- [TASK DESCRIPTION]
Below are the data; count the lines with the string "Require" in them and give that number only.
:: RECORDED INFORMATION
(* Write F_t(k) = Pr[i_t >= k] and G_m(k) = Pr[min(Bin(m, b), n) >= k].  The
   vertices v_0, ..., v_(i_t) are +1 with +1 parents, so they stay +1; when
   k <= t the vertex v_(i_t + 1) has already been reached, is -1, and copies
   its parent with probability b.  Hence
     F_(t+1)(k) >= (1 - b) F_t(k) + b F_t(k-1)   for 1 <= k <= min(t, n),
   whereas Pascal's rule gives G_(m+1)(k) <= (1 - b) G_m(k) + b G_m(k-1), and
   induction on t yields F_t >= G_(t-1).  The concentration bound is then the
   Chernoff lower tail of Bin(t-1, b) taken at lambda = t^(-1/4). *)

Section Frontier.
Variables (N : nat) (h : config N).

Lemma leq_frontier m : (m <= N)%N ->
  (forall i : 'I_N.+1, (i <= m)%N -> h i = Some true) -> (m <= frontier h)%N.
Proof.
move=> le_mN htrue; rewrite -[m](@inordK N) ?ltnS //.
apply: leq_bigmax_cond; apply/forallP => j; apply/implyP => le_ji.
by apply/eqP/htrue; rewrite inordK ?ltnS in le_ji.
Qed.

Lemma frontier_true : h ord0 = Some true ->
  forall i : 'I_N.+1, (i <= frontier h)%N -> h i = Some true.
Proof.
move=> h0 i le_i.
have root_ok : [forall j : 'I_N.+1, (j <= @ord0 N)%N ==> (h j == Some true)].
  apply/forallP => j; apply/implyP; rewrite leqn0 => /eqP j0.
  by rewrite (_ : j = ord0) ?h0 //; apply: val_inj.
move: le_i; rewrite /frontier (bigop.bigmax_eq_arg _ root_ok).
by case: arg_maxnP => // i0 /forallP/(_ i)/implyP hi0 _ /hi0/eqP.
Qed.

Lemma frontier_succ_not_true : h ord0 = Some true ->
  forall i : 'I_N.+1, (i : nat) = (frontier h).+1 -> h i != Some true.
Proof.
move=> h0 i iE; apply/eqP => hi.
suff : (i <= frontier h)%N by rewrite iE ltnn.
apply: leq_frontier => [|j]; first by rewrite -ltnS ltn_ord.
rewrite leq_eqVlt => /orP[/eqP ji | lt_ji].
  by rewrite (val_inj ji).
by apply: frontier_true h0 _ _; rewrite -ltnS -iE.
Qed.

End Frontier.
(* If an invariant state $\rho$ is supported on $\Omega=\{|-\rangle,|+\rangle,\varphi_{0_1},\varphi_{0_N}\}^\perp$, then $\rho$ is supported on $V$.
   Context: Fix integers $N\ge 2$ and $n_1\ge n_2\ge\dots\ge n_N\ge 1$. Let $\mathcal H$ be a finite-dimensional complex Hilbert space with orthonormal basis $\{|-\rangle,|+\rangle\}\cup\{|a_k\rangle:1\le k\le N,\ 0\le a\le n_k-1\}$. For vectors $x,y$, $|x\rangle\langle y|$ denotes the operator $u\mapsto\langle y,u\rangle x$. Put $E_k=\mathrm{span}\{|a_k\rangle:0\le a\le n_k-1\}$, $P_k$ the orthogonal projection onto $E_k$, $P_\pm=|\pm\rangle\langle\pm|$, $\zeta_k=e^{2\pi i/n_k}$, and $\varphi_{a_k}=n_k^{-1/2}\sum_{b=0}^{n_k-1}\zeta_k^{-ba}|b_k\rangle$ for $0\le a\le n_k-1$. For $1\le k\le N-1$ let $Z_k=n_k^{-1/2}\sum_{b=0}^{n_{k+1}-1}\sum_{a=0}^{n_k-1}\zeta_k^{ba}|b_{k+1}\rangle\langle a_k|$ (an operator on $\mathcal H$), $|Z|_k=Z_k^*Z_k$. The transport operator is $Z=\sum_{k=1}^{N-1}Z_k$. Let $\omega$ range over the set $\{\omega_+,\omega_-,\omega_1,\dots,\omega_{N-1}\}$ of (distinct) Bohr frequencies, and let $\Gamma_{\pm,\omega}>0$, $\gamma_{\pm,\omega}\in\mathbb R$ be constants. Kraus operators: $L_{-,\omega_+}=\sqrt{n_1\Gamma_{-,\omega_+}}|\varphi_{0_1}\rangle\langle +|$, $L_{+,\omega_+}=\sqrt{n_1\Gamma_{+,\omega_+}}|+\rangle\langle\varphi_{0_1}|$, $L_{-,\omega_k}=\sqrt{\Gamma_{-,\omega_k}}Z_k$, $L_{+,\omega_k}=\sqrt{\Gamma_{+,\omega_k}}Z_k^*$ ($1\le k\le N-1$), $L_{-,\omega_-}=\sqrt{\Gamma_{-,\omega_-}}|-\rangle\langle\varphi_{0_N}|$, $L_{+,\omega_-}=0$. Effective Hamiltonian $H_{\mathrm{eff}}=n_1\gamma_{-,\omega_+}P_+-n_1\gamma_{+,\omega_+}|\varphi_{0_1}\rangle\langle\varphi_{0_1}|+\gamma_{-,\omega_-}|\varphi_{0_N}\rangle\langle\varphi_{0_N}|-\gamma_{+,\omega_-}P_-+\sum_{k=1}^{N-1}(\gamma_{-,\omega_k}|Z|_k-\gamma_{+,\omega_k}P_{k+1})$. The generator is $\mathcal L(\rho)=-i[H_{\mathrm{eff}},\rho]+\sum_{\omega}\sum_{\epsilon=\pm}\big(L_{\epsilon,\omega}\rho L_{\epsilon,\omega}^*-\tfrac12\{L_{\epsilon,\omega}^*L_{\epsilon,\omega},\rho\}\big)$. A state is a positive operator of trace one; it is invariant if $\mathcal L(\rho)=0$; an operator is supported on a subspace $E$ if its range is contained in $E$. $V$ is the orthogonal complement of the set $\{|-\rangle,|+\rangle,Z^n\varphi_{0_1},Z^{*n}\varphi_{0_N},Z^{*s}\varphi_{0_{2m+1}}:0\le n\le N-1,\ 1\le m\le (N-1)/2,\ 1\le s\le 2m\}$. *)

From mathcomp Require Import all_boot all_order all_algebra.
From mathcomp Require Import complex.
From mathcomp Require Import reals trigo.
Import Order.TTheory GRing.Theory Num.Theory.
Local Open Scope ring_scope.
::::
- [RESPONSE TO THE TASK]
3